▶ EXERCISE GOAL: Taking the line with "or else it would" as the first and the line with "Lemma ousted_subset (M" as the last, set down exactly every line in that range from the entries below, and no more.

-------- RAW DATA

(* Let $I$ be an instance and let $\sigma$ and $\sigma'$ be two maximal $I$-feasible sequences (i.e. $I$-feasible sequences admitting no $I$-feasible one-event extension). Then $\sigma$ and $\sigma'$ contain the same set of events.
   Context: An instance $I$ consists of finite disjoint sets $R$ (residents) and $H$ (hospitals), a positive integer quota $q_h$ for each $h\in H$, for each $r\in R$ a preference list of $r$ (a sequence of distinct members of $H$, not necessarily all), and for each $h\in H$ a preference list of $h$ (a sequence of distinct members of $R$). A match is a pair $(r,h)\in R\times H$. For a set $M$ of matches, $\mathrm{res}_h M=\{r:(r,h)\in M\}$, $\mathrm{res}\,M=\{r:(r,h)\in M\text{ for some }h\}$. An event is $(r,h)^+$ (proposal) or $(r,h)^-$ (rejection). For an event sequence $\sigma$, $\mathrm{prop}(\sigma)$, $\mathrm{rej}(\sigma)$ are the sets of matches proposed/rejected in $\sigma$ and $\mathrm{tent}(\sigma)=\mathrm{prop}(\sigma)\setminus\mathrm{rej}(\sigma)$. A match $(r,h)\in M$ is ousted from $M$ in $I$ if the list of $h$ in $I$ contains at least $q_h$ residents of $\mathrm{res}_h M$ and either $r$ is not on it or $r$ is preceded on it by at least $q_h$ residents of $\mathrm{res}_h M$. $I$-feasible sequences are defined inductively: the empty sequence is $I$-feasible; if $\sigma$ is $I$-feasible then $\sigma+(r,h)^+$ is $I$-feasible if $r\notin\mathrm{res}\,\mathrm{tent}(\sigma)$, $(r,h)\notin\mathrm{prop}(\sigma)$, $h$ is on the list of $r$ in $I$ and $(r,h')\in\mathrm{rej}(\sigma)$ for every $h'$ preceding $h$ on it; and $\sigma+(r,h)^-$ is $I$-feasible if $(r,h)$ is ousted from $\mathrm{prop}(\sigma)$ in $I$ and $(r,h)\notin\mathrm{rej}(\sigma)$. *)

From mathcomp Require Import all_boot.
Set Implicit Arguments. Unset Strict Implicit. Unset Printing Implicit Defensive.

Record instance (R H : finType) := Instance {
  quota : H -> nat;
  quota_pos : forall h, 0 < quota h;
  rpref : R -> seq H;
  rpref_uniq : forall r, uniq (rpref r);
  hpref : H -> seq R;
  hpref_uniq : forall h, uniq (hpref h)
}.

Section Defs.
Variables (R H : finType).

(* A match is a pair (r,h). An event is (true, m) = proposal m^+,
   (false, m) = rejection m^-. *)
Definition match_t := (R * H)%type.
Definition event := (bool * match_t)%type.
Definition propE (m : match_t) : event := (true, m).
Definition rejE (m : match_t) : event := (false, m).

Definition prop (s : seq event) : {set match_t} := [set m | propE m \in s].
Definition rej (s : seq event) : {set match_t} := [set m | rejE m \in s].
Definition tent (s : seq event) : {set match_t} := prop s :\: rej s.

Definition res_at (M : {set match_t}) (h : H) : {set R} := [set r | (r, h) \in M].
Definition res (M : {set match_t}) : {set R} := [set r | [exists h, (r, h) \in M]].

Definition ousted (I : instance R H) (M : {set match_t}) (r : R) (h : H) : bool :=
  let L := hpref I h in
  let c := fun s : seq R => count (fun r' => r' \in res_at M h) s in
  [&& (r, h) \in M, quota I h <= c L &
      (r \notin L) || (quota I h <= c (take (index r L) L))].

Inductive feasible (I : instance R H) : seq event -> Prop :=
| feasible_nil : feasible I [::]
| feasible_prop (s : seq event) (r : R) (h : H) :
    feasible I s ->
    r \notin res (tent s) ->
    (r, h) \notin prop s ->
    h \in rpref I r ->
    (forall h', h' \in take (index h (rpref I r)) (rpref I r) -> (r, h') \in rej s) ->
    feasible I (rcons s (propE (r, h)))
| feasible_rej (s : seq event) (r : R) (h : H) :
    feasible I s ->
    ousted I (prop s) r h ->
    (r, h) \notin rej s ->
    feasible I (rcons s (rejE (r, h))).

Definition maximal_feasible (I : instance R H) (s : seq event) : Prop :=
  feasible I s /\ forall e : event, ~ feasible I (rcons s e).

End Defs.

From mathcomp Require Import all_boot.

(* Feasibility is monotone in the data a maximal sequence accumulates: an
   ousting only gets easier as the proposal set grows, and a proposal stays
   admissible as long as the resident is free.  So, replaying any feasible
   [s] event by event, each event of [s] must already occur in a maximal [s'],
   or else it would be a feasible one-event extension of [s'].  The only
   delicate point is that the proposing resident [r] is free in [s']: by the
   preference-order invariant, a tentative (r,h'') of [s'] with h'' above
   [h] was rejected, and with h'' below [h] it forces (r,h) to be rejected,
   hence proposed, in [s']. *)

Section Feasible.
Variables (R H : finType) (I : instance R H).
Implicit Types (s : seq (event R H)) (r : R) (h : H).

Lemma mem_prop_rcons s e m :
  (m \in prop (rcons s e)) = (propE m == e) || (m \in prop s).
Proof. by rewrite !inE mem_rcons inE. Qed.

Lemma mem_rej_rcons s e m :
  (m \in rej (rcons s e)) = (rejE m == e) || (m \in rej s).
Proof. by rewrite !inE mem_rcons inE. Qed.

Lemma feasible_rej_subset {s} : feasible I s -> rej s \subset prop s.
Proof.
elim=> [|t r h _ IH _ _ _ _|t r h _ IH ous _]; first by apply/subsetP=> m; rewrite inE.
- apply/subsetP=> m; rewrite mem_rej_rcons mem_prop_rcons /= => /(subsetP IH) ->.
  by rewrite orbT.
- apply/subsetP=> m; rewrite mem_rej_rcons mem_prop_rcons /=.
  case/orP=> [/eqP [->]|/(subsetP IH) //].
  by case/and3P: ous.
Qed.

Lemma feasible_prop_pref {s r h} : feasible I s -> (r, h) \in prop s ->
  forall h', h' \in take (index h (rpref I r)) (rpref I r) -> (r, h') \in rej s.
Proof.
move=> fs; elim: fs r h => [|t r h _ IH _ _ _ hpre|t r h _ IH _ _] r' h';
  first by rewrite inE.
- rewrite mem_prop_rcons => /orP [/eqP [-> ->]|/IH pre] h0;
    [move/hpre | move/pre]; by rewrite mem_rej_rcons => ->; rewrite orbT.
- by rewrite mem_prop_rcons => /IH pre h0 /pre; rewrite mem_rej_rcons => ->; rewrite orbT.
Qed.

Lemma feasible_prop_rpref {s r h} : feasible I s -> (r, h) \in prop s ->
  h \in rpref I r.
Proof.
elim=> [|t r' h' _ IH _ _ hin _|t r' h' _ IH _ _]; first by rewrite inE.
- by rewrite mem_prop_rcons => /orP [/eqP [-> ->]|/IH].
- by rewrite mem_prop_rcons => /IH.
Qed.

Lemma ousted_subset (M M' : {set match_t R H}) r h :
  M \subset M' -> ousted I M r h -> ousted I M' r h.
Proof.
move=> /subsetP sMM' /and3P [inM q_all q_pre].
have count_le l : count [in res_at M h] l <= count [in res_at M' h] l.
  by apply: sub_count => x; rewrite !inE => /sMM'.
apply/and3P; split; first exact: sMM'.
  exact: leq_trans q_all (count_le _).
by case/orP: q_pre => [->//|q_pre]; rewrite (leq_trans q_pre (count_le _)) orbT.
Qed.

Lemma feasible_free {s r h} : feasible I s ->
  h \in rpref I r -> (r, h) \notin prop s ->
  (forall h', h' \in take (index h (rpref I r)) (rpref I r) -> (r, h') \in rej s) ->
  r \notin res (tent s).
Proof.
move=> fs hin nprop pre; apply/negP; rewrite inE => /existsP [h''].
rewrite inE => /andP [nrej prop''].
have hin'' := feasible_prop_rpref fs prop''.
have [lt|gt|eq] := ltngtP (index h'' (rpref I r)) (index h (rpref I r)).
- by move: nrej; rewrite pre // in_take.
- have rej_h : (r, h) \in rej s 
    by apply: (feasible_prop_pref fs prop''); rewrite in_take.
  by move: (subsetP (feasible_rej_subset fs) _ rej_h); rewrite (negbTE nprop).
- have h''E : h'' = h by apply: (index_inj h hin'' hin).
  by move: prop''; rewrite h''E (negbTE nprop).
Qed.

Lemma feasible_subset_maximal s s' :
  feasible I s -> maximal_feasible I s' -> {subset s <= s'}.
Proof.
move=> fs [fs' not_ext].
elim: fs => [//|t r h _ IH _ _ hin hpre|t r h _ IH ous _] e;
  rewrite mem_rcons inE => /orP [/eqP ->|/IH //];
  apply/negPn/negP => notin.
- have pre' h' : h' \in take (index h (rpref I r)) (rpref I r) -> (r, h') \in rej s'.
    by move/hpre; rewrite !inE => /IH.
  have nprop : (r, h) \notin prop s' by rewrite inE.
  apply: (not_ext (propE (r, h))).
  by apply: feasible_prop; rewrite ?(feasible_free fs' hin nprop pre').
- apply: (not_ext (rejE (r, h))); apply: feasible_rej; rewrite ?inE //.
  by apply: ousted_subset ous; apply/subsetP => m; rewrite !inE => /IH.
Qed.

End Feasible.

Theorem proposition2 (R H : finType) (I : instance R H) (s s' : seq (event R H)) :
  maximal_feasible I s -> maximal_feasible I s' ->
  forall e : event R H, (e \in s) = (e \in s').
Proof.
move=> ms ms' e; apply/idP/idP.
- exact: feasible_subset_maximal (proj1 ms) ms' e.
- exact: feasible_subset_maximal (proj1 ms') ms e.
Qed.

----------------

▶ PROBLEM SOLUTION:
   or else it would be a feasible one-event extension of [s'].  The only
   delicate point is that the proposing resident [r] is free in [s']: by the
   preference-order invariant, a tentative (r,h'') of [s'] with h'' above
   [h] was rejected, and with h'' below [h] it forces (r,h) to be rejected,
   hence proposed, in [s']. *)

Section Feasible.
Variables (R H : finType) (I : instance R H).
Implicit Types (s : seq (event R H)) (r : R) (h : H).

Lemma mem_prop_rcons s e m :
  (m \in prop (rcons s e)) = (propE m == e) || (m \in prop s).
Proof. by rewrite !inE mem_rcons inE. Qed.

Lemma mem_rej_rcons s e m :
  (m \in rej (rcons s e)) = (rejE m == e) || (m \in rej s).
Proof. by rewrite !inE mem_rcons inE. Qed.

Lemma feasible_rej_subset {s} : feasible I s -> rej s \subset prop s.
Proof.
elim=> [|t r h _ IH _ _ _ _|t r h _ IH ous _]; first by apply/subsetP=> m; rewrite inE.
- apply/subsetP=> m; rewrite mem_rej_rcons mem_prop_rcons /= => /(subsetP IH) ->.
  by rewrite orbT.
- apply/subsetP=> m; rewrite mem_rej_rcons mem_prop_rcons /=.
  case/orP=> [/eqP [->]|/(subsetP IH) //].
  by case/and3P: ous.
Qed.

Lemma feasible_prop_pref {s r h} : feasible I s -> (r, h) \in prop s ->
  forall h', h' \in take (index h (rpref I r)) (rpref I r) -> (r, h') \in rej s.
Proof.
move=> fs; elim: fs r h => [|t r h _ IH _ _ _ hpre|t r h _ IH _ _] r' h';
  first by rewrite inE.
- rewrite mem_prop_rcons => /orP [/eqP [-> ->]|/IH pre] h0;
    [move/hpre | move/pre]; by rewrite mem_rej_rcons => ->; rewrite orbT.
- by rewrite mem_prop_rcons => /IH pre h0 /pre; rewrite mem_rej_rcons => ->; rewrite orbT.
Qed.

Lemma feasible_prop_rpref {s r h} : feasible I s -> (r, h) \in prop s ->
  h \in rpref I r.
Proof.
elim=> [|t r' h' _ IH _ _ hin _|t r' h' _ IH _ _]; first by rewrite inE.
- by rewrite mem_prop_rcons => /orP [/eqP [-> ->]|/IH].
- by rewrite mem_prop_rcons => /IH.
Qed.

Lemma ousted_subset (M M' : {set match_t R H}) r h :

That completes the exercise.